<<<<
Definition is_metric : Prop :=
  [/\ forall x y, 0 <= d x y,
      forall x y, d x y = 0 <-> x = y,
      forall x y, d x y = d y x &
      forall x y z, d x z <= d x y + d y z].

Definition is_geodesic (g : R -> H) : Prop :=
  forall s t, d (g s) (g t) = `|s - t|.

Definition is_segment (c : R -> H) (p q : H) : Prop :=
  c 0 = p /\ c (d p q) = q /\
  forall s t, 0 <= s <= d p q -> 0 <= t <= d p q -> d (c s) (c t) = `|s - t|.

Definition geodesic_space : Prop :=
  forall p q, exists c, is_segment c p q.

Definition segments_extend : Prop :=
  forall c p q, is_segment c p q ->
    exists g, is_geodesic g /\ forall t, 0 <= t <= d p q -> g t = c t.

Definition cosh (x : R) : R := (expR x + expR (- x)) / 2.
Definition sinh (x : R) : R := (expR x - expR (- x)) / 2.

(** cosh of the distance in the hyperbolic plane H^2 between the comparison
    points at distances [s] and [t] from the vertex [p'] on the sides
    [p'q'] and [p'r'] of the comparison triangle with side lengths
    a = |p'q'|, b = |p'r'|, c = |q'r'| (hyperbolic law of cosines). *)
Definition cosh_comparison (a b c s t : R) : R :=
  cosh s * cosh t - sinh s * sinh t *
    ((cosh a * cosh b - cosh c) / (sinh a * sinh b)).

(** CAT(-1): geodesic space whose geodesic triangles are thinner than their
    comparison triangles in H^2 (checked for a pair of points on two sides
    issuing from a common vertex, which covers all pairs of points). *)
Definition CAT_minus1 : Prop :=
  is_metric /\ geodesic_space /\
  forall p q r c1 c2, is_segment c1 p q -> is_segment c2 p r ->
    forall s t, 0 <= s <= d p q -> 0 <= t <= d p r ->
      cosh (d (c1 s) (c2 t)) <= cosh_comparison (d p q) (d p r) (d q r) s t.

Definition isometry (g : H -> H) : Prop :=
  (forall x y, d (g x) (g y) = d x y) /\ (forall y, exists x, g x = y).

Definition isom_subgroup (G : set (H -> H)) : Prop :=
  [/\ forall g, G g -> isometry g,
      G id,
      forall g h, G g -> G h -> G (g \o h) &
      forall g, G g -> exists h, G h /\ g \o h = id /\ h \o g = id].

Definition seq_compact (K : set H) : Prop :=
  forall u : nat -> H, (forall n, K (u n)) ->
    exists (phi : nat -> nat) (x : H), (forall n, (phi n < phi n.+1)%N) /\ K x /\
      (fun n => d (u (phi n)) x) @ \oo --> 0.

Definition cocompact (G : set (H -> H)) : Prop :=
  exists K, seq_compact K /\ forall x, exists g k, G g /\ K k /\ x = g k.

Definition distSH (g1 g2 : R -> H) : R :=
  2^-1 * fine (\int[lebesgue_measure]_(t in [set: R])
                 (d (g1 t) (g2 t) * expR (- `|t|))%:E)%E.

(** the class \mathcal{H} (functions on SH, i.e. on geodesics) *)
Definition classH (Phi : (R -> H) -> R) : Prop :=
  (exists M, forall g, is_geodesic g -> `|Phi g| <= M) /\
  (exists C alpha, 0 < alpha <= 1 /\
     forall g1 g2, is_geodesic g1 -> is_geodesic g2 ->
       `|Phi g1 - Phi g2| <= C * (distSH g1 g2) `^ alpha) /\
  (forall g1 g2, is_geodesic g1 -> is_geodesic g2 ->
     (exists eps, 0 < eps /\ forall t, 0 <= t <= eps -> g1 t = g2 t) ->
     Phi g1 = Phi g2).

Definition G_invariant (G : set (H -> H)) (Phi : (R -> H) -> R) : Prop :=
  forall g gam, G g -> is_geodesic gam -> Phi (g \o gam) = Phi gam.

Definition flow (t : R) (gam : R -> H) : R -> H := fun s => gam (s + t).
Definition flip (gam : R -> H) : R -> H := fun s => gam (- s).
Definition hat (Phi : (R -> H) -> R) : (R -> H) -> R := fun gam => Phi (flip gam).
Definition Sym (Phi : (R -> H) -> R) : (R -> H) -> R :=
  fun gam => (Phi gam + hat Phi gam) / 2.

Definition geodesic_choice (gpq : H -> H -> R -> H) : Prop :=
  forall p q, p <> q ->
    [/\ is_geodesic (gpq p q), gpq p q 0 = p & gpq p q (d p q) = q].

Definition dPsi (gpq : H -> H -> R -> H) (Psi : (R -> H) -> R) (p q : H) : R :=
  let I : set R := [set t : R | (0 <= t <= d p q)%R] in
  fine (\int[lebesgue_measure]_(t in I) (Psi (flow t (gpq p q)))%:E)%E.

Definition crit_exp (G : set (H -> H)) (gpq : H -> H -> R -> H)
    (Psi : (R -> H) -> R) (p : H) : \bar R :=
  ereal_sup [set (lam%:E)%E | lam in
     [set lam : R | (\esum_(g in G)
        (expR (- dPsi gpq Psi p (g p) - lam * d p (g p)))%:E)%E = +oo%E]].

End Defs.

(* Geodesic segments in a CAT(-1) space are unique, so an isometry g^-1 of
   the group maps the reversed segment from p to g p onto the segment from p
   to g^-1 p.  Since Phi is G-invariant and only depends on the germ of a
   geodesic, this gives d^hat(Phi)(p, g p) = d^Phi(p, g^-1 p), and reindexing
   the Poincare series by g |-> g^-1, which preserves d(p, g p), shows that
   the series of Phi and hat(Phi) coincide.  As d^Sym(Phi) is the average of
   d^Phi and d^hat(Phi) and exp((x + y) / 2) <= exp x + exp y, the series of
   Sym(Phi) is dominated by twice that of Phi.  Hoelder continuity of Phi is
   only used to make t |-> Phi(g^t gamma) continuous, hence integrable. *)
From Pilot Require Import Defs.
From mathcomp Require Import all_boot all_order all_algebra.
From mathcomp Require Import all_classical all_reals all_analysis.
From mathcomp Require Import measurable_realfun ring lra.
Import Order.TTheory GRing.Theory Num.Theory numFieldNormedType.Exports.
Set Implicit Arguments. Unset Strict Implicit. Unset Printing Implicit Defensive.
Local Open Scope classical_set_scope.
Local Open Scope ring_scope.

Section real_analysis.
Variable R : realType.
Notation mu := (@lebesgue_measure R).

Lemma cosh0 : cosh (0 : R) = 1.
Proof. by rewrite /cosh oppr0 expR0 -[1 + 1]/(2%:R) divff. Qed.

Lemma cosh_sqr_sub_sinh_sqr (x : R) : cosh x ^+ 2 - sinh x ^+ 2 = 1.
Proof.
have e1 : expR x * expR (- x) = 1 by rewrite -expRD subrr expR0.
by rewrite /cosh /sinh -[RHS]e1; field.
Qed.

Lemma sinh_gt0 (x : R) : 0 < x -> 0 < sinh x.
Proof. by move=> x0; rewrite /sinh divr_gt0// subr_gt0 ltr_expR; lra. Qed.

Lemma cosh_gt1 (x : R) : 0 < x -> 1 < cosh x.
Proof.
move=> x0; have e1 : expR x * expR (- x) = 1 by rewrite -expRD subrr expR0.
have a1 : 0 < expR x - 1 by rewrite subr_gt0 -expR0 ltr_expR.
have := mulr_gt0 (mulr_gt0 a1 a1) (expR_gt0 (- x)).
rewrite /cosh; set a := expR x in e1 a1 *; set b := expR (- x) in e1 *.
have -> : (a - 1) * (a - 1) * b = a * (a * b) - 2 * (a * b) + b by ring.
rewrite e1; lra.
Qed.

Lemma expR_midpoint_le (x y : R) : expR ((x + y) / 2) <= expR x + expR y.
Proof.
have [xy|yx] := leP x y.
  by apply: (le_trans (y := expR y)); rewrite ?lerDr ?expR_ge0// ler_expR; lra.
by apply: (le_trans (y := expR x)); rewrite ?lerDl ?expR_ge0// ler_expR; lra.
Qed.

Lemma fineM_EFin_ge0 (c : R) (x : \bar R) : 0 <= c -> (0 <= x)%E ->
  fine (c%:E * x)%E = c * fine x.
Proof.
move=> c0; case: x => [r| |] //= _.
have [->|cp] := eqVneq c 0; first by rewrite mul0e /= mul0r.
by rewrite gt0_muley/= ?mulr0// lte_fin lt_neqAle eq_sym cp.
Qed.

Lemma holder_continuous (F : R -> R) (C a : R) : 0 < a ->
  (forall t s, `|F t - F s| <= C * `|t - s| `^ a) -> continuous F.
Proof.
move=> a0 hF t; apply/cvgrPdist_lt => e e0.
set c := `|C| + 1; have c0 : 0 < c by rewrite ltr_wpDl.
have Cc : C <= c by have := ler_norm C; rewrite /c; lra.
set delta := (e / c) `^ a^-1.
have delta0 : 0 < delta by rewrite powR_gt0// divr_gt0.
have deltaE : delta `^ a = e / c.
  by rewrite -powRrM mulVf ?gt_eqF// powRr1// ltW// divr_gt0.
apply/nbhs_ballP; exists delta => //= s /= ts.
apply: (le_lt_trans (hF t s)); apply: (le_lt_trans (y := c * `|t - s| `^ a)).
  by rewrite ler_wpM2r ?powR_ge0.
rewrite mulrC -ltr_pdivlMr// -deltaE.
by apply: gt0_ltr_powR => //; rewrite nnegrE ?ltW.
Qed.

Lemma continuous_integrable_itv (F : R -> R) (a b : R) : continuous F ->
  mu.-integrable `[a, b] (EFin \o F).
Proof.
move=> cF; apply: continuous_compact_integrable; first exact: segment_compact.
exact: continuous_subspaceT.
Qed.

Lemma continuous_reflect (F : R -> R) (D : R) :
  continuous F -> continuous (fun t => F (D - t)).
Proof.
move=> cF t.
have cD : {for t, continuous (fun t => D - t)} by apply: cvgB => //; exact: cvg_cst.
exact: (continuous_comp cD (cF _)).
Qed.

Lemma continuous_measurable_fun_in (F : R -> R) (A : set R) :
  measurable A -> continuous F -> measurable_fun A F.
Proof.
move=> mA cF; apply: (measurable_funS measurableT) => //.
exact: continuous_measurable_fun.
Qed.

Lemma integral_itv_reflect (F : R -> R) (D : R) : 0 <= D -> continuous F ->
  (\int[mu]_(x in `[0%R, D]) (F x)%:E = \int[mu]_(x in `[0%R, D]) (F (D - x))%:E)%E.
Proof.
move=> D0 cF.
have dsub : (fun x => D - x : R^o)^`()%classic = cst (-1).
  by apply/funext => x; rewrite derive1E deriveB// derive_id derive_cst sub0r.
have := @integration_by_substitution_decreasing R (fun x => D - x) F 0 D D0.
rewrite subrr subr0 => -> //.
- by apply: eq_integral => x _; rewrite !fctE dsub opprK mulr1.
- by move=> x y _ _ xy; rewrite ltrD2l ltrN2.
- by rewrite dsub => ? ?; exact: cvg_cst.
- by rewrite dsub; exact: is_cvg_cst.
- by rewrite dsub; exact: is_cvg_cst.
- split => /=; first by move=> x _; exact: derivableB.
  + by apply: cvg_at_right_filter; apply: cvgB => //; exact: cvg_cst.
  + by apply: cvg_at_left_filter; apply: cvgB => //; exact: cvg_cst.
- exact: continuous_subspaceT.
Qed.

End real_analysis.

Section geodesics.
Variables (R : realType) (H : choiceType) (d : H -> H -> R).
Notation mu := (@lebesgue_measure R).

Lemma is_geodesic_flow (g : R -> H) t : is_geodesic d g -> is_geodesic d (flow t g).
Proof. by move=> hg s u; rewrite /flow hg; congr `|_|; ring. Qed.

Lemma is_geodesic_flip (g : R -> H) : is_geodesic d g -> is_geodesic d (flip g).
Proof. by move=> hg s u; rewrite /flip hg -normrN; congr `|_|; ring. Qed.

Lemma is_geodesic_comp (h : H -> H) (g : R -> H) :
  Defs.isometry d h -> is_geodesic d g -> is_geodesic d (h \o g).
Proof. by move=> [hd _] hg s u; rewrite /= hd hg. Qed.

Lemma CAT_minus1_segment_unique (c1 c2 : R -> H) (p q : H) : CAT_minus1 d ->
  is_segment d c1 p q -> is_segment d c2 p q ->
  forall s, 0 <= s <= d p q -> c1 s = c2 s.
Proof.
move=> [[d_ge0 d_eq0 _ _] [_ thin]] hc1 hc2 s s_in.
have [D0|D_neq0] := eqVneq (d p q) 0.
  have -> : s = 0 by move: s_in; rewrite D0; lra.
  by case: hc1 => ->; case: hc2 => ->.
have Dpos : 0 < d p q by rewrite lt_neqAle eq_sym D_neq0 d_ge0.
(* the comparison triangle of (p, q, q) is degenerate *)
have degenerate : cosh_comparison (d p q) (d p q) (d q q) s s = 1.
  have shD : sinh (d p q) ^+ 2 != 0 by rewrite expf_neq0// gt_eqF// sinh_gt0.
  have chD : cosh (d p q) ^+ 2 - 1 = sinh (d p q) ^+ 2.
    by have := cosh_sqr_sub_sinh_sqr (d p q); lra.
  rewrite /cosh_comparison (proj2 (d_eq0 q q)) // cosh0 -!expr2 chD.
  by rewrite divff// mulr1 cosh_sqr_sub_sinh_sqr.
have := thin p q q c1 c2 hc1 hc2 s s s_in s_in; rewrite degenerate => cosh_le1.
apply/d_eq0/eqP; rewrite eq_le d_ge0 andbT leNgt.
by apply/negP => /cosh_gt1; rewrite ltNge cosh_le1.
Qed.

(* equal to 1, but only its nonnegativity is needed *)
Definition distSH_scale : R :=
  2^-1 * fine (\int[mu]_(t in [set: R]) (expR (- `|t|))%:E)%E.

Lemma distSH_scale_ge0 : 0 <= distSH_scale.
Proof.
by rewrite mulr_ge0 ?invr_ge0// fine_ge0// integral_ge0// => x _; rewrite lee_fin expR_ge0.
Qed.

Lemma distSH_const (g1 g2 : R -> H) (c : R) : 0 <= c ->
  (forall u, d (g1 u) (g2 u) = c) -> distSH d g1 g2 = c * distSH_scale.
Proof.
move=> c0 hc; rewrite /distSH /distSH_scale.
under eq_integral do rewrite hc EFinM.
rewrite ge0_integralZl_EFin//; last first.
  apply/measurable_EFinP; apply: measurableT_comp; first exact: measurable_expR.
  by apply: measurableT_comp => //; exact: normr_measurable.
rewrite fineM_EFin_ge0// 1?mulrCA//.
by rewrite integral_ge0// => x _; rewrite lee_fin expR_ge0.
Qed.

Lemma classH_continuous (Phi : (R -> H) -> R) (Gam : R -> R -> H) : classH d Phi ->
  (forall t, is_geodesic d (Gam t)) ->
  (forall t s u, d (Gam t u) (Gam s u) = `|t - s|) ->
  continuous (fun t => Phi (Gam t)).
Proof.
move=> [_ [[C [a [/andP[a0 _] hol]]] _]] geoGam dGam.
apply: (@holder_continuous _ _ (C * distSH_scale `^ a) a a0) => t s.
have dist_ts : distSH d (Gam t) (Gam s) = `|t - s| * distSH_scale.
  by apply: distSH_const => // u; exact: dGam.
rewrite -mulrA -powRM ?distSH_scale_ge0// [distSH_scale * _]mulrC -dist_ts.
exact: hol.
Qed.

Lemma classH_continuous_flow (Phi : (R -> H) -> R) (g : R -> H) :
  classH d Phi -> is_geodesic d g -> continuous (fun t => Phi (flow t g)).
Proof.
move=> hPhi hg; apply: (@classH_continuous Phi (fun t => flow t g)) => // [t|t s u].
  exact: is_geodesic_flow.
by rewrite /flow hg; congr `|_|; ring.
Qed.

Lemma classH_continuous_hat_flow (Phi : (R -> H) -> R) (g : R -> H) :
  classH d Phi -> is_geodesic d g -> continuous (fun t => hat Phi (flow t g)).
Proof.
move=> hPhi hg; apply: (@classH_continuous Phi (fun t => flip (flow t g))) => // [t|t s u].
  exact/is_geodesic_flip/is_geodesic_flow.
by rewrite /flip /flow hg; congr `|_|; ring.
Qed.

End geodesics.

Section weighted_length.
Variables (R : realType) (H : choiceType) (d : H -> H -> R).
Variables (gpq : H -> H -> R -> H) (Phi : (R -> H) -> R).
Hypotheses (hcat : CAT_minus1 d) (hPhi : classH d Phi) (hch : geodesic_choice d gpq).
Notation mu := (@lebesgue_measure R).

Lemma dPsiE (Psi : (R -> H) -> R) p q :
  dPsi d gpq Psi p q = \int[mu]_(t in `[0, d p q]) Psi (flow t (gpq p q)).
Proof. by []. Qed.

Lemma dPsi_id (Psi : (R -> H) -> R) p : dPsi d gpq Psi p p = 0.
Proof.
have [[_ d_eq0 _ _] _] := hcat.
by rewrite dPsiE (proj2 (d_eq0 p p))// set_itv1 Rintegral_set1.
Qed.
>>>>
Set down the lines above as they stand, starting with the first line and ending with the line that contains "c 0 = p /\ c (d p q) = q /\".

Definition is_metric : Prop :=
  [/\ forall x y, 0 <= d x y,
      forall x y, d x y = 0 <-> x = y,
      forall x y, d x y = d y x &
      forall x y z, d x z <= d x y + d y z].

Definition is_geodesic (g : R -> H) : Prop :=
  forall s t, d (g s) (g t) = `|s - t|.

Definition is_segment (c : R -> H) (p q : H) : Prop :=
  c 0 = p /\ c (d p q) = q /\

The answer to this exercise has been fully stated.